# [Task objective]
Look through the data below for the line with "by case: (hP i) =>", and transcribe it exactly together with each line after it up to and including the line with "Hypotheses (nrmD : forall". Give nothing else.

==============================

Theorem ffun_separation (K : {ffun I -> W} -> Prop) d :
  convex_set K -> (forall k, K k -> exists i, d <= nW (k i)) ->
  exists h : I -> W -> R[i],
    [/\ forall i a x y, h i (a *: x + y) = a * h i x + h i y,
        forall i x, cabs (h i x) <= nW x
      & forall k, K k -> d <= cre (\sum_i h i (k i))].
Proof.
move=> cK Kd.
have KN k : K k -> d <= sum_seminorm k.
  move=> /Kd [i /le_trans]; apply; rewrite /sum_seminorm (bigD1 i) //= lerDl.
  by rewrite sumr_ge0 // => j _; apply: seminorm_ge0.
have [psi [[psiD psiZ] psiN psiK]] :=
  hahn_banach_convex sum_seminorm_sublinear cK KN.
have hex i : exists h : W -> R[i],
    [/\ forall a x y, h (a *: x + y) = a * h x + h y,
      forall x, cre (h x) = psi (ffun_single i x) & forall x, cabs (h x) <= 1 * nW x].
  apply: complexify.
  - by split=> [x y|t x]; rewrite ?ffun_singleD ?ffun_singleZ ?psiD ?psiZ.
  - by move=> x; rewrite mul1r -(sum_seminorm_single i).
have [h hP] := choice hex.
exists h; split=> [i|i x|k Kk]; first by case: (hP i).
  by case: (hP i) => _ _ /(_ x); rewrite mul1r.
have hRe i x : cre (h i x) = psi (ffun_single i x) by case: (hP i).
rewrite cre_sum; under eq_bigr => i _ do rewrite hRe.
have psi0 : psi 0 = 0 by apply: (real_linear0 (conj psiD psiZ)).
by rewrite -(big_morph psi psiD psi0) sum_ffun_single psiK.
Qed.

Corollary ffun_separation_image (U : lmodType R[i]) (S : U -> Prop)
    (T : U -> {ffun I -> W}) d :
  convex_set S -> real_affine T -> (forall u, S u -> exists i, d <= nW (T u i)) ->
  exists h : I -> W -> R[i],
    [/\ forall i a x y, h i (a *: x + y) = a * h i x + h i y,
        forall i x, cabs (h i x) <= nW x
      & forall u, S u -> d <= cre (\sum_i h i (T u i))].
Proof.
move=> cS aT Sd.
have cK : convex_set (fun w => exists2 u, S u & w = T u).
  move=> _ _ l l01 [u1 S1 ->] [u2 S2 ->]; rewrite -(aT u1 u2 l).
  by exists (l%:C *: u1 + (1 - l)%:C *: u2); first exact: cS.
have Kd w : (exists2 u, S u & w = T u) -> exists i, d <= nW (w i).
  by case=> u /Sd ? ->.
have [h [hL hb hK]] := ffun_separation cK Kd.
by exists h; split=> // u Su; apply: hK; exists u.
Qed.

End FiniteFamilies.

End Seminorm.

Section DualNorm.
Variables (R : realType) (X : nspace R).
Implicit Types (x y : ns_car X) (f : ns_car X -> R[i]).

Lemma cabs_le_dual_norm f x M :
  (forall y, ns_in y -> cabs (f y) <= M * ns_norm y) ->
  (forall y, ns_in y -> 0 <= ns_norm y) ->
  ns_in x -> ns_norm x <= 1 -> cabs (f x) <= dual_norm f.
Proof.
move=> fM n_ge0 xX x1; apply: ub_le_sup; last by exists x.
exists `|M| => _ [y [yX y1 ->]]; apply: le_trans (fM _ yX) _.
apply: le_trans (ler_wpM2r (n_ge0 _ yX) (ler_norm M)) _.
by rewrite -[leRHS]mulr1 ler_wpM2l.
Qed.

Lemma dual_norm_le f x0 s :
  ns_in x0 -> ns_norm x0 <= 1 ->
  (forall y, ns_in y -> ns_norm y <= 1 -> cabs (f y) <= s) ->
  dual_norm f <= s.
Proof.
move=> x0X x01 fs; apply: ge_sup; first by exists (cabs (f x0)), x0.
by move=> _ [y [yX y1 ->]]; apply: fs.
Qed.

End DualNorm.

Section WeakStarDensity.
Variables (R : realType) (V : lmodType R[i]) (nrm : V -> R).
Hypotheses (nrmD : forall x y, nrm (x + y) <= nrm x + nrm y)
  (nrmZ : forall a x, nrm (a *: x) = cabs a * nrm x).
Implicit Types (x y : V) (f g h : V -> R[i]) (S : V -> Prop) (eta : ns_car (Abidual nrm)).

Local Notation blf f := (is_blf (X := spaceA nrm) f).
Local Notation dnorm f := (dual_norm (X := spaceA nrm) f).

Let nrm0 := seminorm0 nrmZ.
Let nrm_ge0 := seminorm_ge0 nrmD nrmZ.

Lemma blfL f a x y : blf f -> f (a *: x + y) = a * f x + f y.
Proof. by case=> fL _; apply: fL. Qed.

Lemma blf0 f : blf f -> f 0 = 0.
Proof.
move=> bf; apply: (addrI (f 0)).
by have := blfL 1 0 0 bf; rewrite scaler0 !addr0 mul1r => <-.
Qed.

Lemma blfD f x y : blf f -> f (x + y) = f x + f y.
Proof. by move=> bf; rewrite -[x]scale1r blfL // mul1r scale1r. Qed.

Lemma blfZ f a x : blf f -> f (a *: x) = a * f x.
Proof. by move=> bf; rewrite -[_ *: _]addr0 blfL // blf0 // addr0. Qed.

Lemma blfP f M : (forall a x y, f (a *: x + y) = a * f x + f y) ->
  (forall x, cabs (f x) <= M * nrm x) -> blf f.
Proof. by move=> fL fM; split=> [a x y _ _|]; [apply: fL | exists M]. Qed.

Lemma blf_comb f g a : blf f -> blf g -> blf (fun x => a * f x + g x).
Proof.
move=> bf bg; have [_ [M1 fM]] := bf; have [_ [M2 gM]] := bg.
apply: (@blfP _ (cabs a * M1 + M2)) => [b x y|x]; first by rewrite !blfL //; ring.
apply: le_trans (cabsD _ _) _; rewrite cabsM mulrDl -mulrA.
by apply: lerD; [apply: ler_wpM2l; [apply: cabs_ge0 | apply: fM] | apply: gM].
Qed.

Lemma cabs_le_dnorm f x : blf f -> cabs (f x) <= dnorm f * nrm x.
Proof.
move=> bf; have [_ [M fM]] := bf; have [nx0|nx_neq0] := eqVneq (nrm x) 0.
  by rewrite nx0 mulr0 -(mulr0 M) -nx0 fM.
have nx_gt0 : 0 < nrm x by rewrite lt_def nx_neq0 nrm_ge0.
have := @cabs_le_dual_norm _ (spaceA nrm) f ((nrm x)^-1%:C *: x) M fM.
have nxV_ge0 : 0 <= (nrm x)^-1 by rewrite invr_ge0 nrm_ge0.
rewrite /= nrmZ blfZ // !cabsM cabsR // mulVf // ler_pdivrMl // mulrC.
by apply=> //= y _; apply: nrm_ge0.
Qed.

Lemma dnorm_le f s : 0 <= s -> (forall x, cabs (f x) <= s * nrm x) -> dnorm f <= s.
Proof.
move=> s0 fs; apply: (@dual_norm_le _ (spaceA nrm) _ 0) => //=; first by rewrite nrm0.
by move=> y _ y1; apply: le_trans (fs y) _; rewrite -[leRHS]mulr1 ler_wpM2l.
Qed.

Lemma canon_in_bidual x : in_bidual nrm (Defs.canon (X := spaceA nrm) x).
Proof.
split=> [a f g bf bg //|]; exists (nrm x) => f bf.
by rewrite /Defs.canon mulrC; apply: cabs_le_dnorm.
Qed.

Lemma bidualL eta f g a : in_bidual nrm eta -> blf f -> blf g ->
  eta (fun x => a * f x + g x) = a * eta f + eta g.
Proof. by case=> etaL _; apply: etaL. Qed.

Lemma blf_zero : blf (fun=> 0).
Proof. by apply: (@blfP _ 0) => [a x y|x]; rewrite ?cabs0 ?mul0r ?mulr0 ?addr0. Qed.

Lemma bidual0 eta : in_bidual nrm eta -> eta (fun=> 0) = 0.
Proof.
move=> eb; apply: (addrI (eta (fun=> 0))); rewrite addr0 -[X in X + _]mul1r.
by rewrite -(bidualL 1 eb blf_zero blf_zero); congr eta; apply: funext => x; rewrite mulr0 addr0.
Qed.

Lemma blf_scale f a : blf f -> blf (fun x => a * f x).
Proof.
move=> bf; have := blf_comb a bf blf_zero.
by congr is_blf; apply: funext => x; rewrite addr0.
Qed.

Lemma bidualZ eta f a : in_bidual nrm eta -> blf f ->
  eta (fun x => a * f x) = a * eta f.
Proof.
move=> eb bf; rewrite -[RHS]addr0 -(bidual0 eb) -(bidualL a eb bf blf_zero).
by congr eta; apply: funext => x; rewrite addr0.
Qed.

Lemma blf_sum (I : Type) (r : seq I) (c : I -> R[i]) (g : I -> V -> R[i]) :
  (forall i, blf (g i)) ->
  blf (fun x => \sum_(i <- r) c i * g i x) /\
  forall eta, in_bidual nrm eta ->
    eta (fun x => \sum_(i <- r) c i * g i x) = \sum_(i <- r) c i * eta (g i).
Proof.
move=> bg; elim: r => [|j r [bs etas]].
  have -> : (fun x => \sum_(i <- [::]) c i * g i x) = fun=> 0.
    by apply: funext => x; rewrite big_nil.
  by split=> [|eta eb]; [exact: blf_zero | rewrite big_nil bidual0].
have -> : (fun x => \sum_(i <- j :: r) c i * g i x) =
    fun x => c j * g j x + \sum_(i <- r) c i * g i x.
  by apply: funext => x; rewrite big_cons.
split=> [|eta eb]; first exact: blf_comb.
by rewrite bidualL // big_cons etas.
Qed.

==============================

# [Response area]
  by case: (hP i) => _ _ /(_ x); rewrite mul1r.
have hRe i x : cre (h i x) = psi (ffun_single i x) by case: (hP i).
rewrite cre_sum; under eq_bigr => i _ do rewrite hRe.
have psi0 : psi 0 = 0 by apply: (real_linear0 (conj psiD psiZ)).
by rewrite -(big_morph psi psiD psi0) sum_ffun_single psiK.
Qed.

Corollary ffun_separation_image (U : lmodType R[i]) (S : U -> Prop)
    (T : U -> {ffun I -> W}) d :
  convex_set S -> real_affine T -> (forall u, S u -> exists i, d <= nW (T u i)) ->
  exists h : I -> W -> R[i],
    [/\ forall i a x y, h i (a *: x + y) = a * h i x + h i y,
        forall i x, cabs (h i x) <= nW x
      & forall u, S u -> d <= cre (\sum_i h i (T u i))].
Proof.
move=> cS aT Sd.
have cK : convex_set (fun w => exists2 u, S u & w = T u).
  move=> _ _ l l01 [u1 S1 ->] [u2 S2 ->]; rewrite -(aT u1 u2 l).
  by exists (l%:C *: u1 + (1 - l)%:C *: u2); first exact: cS.
have Kd w : (exists2 u, S u & w = T u) -> exists i, d <= nW (w i).
  by case=> u /Sd ? ->.
have [h [hL hb hK]] := ffun_separation cK Kd.
by exists h; split=> // u Su; apply: hK; exists u.
Qed.

End FiniteFamilies.

End Seminorm.

Section DualNorm.
Variables (R : realType) (X : nspace R).
Implicit Types (x y : ns_car X) (f : ns_car X -> R[i]).

Lemma cabs_le_dual_norm f x M :
  (forall y, ns_in y -> cabs (f y) <= M * ns_norm y) ->
  (forall y, ns_in y -> 0 <= ns_norm y) ->
  ns_in x -> ns_norm x <= 1 -> cabs (f x) <= dual_norm f.
Proof.
move=> fM n_ge0 xX x1; apply: ub_le_sup; last by exists x.
exists `|M| => _ [y [yX y1 ->]]; apply: le_trans (fM _ yX) _.
apply: le_trans (ler_wpM2r (n_ge0 _ yX) (ler_norm M)) _.
by rewrite -[leRHS]mulr1 ler_wpM2l.
Qed.

Lemma dual_norm_le f x0 s :
  ns_in x0 -> ns_norm x0 <= 1 ->
  (forall y, ns_in y -> ns_norm y <= 1 -> cabs (f y) <= s) ->
  dual_norm f <= s.
Proof.
move=> x0X x01 fs; apply: ge_sup; first by exists (cabs (f x0)), x0.
by move=> _ [y [yX y1 ->]]; apply: fs.
Qed.

End DualNorm.

Section WeakStarDensity.
Variables (R : realType) (V : lmodType R[i]) (nrm : V -> R).
Hypotheses (nrmD : forall x y, nrm (x + y) <= nrm x + nrm y)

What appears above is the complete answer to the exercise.